» **TASK INSTRUCTIONS**
Scan the records for the string "Hrej"; copy each line where it occurs.

» **THE INPUT**

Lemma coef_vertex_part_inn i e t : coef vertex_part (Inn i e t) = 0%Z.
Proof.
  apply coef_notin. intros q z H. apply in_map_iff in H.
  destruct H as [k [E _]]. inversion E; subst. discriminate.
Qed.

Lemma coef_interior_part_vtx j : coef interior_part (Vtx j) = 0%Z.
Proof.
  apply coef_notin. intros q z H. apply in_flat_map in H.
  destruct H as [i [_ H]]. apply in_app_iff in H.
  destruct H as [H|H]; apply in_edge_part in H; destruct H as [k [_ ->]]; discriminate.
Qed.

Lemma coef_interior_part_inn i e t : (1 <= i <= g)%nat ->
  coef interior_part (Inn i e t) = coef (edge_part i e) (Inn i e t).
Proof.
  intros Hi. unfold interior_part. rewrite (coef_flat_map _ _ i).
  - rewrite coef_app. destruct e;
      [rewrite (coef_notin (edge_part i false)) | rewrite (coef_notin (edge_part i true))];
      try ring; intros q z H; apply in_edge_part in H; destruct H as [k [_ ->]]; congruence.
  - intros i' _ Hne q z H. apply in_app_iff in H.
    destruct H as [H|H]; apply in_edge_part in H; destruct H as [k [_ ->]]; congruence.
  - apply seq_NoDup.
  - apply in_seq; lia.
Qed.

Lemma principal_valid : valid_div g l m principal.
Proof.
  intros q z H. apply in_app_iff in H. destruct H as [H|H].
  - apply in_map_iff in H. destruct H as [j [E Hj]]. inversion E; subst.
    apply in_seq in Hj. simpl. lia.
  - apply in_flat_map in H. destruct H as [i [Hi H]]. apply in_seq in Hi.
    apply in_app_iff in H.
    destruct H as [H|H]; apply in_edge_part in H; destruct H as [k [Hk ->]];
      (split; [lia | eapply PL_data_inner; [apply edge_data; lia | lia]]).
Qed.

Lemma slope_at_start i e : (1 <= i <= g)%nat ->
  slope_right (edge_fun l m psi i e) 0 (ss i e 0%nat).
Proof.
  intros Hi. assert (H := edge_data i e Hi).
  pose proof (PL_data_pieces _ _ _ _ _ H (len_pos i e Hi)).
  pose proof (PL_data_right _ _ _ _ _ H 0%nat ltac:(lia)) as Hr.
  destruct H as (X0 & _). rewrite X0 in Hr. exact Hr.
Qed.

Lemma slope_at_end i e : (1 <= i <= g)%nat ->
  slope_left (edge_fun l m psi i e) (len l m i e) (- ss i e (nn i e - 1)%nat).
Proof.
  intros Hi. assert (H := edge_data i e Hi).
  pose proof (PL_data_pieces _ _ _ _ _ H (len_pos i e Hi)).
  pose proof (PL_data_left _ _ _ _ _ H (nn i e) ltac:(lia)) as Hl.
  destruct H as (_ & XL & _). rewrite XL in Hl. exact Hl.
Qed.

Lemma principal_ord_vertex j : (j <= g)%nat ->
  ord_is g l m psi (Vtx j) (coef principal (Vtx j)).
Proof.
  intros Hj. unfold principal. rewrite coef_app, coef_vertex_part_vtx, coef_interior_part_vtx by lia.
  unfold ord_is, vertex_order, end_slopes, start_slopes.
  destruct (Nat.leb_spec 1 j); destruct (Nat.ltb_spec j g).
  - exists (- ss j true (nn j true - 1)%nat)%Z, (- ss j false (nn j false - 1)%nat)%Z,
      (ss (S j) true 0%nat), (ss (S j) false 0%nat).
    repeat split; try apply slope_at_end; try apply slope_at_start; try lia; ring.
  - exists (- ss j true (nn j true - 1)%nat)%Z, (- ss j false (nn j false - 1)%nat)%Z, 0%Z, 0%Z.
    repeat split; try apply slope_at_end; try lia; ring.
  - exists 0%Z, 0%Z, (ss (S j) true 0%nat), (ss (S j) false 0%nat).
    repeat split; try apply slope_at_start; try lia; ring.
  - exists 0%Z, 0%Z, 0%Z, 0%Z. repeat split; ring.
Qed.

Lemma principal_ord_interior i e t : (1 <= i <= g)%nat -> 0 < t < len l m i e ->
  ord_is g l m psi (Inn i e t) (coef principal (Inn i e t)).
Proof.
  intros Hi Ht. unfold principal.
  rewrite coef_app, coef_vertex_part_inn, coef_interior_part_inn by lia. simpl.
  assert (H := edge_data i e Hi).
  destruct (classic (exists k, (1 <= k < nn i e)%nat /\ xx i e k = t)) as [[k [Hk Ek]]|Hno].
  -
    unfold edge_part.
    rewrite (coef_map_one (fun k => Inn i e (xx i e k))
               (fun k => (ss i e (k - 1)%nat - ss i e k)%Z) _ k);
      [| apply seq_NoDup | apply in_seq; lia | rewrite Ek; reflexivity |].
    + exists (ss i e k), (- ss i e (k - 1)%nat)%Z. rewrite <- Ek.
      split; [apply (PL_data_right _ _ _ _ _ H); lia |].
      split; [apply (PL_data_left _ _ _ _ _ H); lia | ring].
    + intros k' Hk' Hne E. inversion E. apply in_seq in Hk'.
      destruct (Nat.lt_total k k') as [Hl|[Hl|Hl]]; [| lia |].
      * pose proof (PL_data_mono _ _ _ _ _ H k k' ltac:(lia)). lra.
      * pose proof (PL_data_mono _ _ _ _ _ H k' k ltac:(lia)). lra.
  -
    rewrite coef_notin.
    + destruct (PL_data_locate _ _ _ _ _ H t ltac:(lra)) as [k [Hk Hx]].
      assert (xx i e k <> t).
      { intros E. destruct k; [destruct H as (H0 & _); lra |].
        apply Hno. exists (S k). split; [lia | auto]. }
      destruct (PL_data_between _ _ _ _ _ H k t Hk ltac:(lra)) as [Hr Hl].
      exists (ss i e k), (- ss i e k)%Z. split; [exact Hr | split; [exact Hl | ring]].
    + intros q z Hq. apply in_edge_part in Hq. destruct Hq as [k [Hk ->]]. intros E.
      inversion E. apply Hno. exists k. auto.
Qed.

==

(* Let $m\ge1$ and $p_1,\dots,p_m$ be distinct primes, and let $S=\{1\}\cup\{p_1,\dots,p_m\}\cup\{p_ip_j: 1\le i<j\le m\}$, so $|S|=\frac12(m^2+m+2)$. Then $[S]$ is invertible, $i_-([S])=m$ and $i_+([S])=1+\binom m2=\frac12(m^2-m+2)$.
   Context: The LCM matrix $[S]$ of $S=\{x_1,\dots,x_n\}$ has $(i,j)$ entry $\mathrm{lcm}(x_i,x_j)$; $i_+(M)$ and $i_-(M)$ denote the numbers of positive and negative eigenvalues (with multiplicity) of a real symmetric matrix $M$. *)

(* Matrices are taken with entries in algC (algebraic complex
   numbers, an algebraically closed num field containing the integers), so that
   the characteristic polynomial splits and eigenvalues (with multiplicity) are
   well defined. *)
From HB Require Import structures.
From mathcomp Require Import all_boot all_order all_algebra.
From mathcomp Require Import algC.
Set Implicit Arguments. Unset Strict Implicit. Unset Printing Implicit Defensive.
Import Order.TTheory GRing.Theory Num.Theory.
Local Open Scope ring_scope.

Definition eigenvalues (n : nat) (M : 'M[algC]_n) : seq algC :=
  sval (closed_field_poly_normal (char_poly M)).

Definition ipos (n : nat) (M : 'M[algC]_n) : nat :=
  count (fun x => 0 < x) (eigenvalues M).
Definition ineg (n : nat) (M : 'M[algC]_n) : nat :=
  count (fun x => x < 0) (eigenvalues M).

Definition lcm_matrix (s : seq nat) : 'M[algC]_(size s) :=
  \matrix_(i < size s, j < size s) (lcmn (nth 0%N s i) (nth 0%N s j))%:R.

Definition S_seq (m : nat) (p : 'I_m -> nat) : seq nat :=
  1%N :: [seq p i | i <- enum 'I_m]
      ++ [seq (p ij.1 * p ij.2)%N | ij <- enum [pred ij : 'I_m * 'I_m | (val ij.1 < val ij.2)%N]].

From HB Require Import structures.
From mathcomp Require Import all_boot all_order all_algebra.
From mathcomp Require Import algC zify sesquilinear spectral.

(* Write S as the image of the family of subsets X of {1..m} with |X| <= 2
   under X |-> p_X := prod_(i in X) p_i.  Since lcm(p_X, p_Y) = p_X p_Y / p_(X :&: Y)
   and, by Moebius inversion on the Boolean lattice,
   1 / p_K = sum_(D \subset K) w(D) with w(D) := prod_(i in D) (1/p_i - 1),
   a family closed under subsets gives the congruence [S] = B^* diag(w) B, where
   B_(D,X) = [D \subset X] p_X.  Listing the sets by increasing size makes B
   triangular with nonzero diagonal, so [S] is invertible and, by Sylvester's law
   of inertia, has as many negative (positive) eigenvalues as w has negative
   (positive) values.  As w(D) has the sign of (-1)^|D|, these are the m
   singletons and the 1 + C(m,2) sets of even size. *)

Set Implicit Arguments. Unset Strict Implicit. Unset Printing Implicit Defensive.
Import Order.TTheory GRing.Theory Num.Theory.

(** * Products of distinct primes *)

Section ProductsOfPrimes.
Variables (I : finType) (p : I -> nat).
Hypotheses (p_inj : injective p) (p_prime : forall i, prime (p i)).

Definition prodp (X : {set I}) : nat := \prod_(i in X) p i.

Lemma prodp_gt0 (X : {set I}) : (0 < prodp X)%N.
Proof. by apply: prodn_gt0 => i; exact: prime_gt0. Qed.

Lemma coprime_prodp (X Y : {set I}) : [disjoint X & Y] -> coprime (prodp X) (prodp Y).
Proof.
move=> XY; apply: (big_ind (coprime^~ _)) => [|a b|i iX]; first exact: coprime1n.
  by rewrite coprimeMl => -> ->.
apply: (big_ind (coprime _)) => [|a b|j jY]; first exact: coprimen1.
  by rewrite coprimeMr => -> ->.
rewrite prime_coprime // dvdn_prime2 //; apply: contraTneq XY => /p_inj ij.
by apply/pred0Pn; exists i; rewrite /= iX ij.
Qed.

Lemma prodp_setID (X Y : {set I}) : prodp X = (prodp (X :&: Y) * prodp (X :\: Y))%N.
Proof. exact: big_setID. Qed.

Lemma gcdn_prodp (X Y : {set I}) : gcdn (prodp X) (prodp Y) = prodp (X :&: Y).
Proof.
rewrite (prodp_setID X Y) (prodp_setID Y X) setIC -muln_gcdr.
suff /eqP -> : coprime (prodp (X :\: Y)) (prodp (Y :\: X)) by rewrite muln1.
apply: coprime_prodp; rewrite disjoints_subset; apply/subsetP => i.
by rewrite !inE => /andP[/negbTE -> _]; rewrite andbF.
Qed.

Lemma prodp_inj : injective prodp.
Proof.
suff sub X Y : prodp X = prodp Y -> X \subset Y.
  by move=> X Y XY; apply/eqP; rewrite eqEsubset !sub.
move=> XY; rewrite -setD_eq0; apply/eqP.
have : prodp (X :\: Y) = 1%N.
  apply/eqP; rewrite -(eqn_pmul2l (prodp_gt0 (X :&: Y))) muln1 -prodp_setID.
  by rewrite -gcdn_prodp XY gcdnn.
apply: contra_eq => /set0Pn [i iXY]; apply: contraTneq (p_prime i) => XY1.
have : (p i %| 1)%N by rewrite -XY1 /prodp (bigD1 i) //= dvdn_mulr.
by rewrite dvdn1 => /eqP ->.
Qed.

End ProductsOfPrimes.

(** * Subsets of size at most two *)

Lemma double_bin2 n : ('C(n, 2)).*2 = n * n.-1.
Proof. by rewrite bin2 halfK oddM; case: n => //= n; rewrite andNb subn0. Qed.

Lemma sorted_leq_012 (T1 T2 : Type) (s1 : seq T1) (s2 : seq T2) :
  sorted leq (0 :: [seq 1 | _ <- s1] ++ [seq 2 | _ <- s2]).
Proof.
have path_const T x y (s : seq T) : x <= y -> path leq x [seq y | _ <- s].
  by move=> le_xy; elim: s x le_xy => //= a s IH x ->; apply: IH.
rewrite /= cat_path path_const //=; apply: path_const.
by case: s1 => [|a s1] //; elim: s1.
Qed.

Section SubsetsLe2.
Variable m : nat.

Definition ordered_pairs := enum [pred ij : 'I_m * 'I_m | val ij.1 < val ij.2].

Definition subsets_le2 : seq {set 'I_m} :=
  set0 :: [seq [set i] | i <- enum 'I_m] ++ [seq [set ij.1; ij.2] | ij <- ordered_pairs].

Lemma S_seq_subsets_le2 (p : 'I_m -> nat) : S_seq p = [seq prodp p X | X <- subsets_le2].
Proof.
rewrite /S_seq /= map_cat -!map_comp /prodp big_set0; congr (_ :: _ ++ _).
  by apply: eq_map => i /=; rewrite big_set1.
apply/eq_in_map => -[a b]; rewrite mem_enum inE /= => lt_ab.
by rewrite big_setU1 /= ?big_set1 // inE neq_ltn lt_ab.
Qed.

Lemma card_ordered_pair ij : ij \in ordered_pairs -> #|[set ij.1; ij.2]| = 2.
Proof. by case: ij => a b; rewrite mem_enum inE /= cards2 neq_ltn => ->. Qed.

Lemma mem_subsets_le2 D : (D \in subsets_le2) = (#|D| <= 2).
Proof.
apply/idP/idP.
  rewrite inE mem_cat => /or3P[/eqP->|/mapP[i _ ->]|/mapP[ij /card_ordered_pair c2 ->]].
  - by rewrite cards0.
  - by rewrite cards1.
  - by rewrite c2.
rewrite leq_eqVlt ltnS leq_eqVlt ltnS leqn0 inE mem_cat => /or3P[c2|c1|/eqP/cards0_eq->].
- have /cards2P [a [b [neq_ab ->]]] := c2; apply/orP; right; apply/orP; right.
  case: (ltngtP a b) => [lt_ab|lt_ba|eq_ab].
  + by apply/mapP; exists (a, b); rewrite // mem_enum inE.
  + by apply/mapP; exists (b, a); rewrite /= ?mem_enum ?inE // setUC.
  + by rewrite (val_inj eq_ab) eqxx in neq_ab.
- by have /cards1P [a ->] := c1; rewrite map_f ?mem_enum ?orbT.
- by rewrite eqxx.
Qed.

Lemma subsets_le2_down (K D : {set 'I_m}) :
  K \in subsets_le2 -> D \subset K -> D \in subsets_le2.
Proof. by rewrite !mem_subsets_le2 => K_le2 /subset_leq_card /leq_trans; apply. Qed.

==

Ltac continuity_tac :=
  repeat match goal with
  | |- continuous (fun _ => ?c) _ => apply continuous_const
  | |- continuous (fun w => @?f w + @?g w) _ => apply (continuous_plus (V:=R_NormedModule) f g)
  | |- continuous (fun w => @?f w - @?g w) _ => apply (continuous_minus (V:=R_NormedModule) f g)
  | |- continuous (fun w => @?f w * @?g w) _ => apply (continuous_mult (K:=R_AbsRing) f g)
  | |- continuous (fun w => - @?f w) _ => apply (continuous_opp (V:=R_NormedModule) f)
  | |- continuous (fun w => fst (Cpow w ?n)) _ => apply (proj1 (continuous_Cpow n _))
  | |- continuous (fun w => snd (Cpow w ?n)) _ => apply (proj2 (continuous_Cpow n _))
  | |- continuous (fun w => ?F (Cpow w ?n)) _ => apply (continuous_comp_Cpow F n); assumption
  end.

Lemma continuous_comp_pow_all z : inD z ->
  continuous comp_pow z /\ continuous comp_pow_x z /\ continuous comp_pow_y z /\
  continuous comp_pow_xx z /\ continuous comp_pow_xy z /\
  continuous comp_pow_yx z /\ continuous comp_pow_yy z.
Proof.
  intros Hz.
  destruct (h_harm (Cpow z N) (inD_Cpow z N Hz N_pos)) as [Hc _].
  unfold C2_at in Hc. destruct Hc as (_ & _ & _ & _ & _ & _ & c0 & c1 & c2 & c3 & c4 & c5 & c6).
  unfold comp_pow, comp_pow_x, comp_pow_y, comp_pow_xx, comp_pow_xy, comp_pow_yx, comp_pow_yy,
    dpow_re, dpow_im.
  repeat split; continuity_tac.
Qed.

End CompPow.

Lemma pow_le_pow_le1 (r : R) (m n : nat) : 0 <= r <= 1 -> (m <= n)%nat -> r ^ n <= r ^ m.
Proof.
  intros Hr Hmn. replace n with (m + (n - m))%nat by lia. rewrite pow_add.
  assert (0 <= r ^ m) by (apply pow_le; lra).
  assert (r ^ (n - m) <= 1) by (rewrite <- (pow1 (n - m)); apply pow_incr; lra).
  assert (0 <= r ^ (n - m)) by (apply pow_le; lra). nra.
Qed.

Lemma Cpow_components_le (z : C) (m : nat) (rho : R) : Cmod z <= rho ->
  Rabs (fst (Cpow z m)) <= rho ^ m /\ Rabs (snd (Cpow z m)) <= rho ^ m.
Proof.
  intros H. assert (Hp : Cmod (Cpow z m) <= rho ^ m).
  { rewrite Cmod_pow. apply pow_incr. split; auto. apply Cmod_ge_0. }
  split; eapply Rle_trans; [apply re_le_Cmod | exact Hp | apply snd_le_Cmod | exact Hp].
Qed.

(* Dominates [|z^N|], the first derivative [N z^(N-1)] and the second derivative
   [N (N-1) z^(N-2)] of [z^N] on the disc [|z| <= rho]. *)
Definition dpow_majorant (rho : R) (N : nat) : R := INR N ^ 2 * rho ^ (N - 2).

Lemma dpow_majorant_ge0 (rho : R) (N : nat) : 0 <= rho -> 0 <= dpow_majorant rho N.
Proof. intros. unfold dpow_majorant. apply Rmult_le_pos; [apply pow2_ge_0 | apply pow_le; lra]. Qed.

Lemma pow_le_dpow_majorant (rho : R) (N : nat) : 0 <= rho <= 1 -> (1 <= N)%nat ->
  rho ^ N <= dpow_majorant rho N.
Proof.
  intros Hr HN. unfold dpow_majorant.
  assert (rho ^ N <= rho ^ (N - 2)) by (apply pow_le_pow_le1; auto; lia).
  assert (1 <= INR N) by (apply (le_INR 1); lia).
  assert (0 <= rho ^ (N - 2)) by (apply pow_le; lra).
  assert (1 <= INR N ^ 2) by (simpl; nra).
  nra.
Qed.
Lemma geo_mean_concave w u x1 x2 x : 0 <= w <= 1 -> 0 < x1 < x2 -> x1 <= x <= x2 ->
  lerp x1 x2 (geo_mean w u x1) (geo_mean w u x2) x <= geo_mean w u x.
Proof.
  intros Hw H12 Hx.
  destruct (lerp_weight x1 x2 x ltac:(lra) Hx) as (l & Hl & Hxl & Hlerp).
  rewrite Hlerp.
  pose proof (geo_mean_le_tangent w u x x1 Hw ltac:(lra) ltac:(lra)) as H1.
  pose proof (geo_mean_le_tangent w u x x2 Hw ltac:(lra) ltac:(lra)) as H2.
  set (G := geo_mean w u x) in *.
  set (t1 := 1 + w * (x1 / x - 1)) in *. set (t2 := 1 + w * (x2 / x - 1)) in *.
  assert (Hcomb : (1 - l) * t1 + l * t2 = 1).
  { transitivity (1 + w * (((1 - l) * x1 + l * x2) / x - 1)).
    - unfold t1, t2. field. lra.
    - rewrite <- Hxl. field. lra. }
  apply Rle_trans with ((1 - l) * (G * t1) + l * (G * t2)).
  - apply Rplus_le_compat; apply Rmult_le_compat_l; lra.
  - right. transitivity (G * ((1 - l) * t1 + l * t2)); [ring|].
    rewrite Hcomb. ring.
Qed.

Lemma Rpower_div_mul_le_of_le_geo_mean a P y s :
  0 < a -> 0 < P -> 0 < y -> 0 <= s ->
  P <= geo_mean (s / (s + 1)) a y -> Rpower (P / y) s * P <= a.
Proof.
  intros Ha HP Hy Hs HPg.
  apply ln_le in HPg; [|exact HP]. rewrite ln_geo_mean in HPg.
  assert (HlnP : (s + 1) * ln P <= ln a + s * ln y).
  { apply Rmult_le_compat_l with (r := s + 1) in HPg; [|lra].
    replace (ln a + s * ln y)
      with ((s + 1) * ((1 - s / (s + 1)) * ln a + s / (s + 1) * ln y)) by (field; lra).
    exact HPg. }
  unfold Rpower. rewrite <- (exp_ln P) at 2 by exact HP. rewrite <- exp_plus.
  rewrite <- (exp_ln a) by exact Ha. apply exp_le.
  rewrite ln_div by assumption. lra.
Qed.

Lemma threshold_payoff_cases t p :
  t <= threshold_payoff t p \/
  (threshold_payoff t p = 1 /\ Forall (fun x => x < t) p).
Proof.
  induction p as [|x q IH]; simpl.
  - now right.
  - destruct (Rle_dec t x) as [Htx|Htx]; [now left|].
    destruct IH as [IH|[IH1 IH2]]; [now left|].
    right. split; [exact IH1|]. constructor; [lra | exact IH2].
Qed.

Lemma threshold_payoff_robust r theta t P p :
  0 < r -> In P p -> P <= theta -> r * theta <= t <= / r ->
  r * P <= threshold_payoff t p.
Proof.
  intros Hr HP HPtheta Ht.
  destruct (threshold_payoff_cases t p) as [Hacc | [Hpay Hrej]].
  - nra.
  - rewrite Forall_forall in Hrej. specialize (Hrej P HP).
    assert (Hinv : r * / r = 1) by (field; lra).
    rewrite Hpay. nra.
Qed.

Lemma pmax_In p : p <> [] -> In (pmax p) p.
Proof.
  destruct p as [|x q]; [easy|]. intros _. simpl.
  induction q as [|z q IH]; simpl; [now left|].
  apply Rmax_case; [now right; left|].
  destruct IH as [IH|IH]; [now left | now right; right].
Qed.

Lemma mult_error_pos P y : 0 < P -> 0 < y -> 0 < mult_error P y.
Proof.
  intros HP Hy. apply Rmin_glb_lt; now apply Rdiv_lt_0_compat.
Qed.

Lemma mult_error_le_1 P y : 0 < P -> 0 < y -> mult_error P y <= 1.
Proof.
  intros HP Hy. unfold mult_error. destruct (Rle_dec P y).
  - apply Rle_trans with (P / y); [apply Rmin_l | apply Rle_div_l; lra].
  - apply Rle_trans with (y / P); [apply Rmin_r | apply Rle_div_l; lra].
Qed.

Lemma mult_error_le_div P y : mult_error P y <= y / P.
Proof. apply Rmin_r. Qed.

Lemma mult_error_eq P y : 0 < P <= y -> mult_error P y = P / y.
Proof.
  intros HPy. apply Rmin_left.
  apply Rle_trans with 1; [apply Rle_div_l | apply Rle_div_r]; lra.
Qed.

» **EXERCISE OUTPUT**
  destruct (threshold_payoff_cases t p) as [Hacc | [Hpay Hrej]].
  - rewrite Forall_forall in Hrej. specialize (Hrej P HP).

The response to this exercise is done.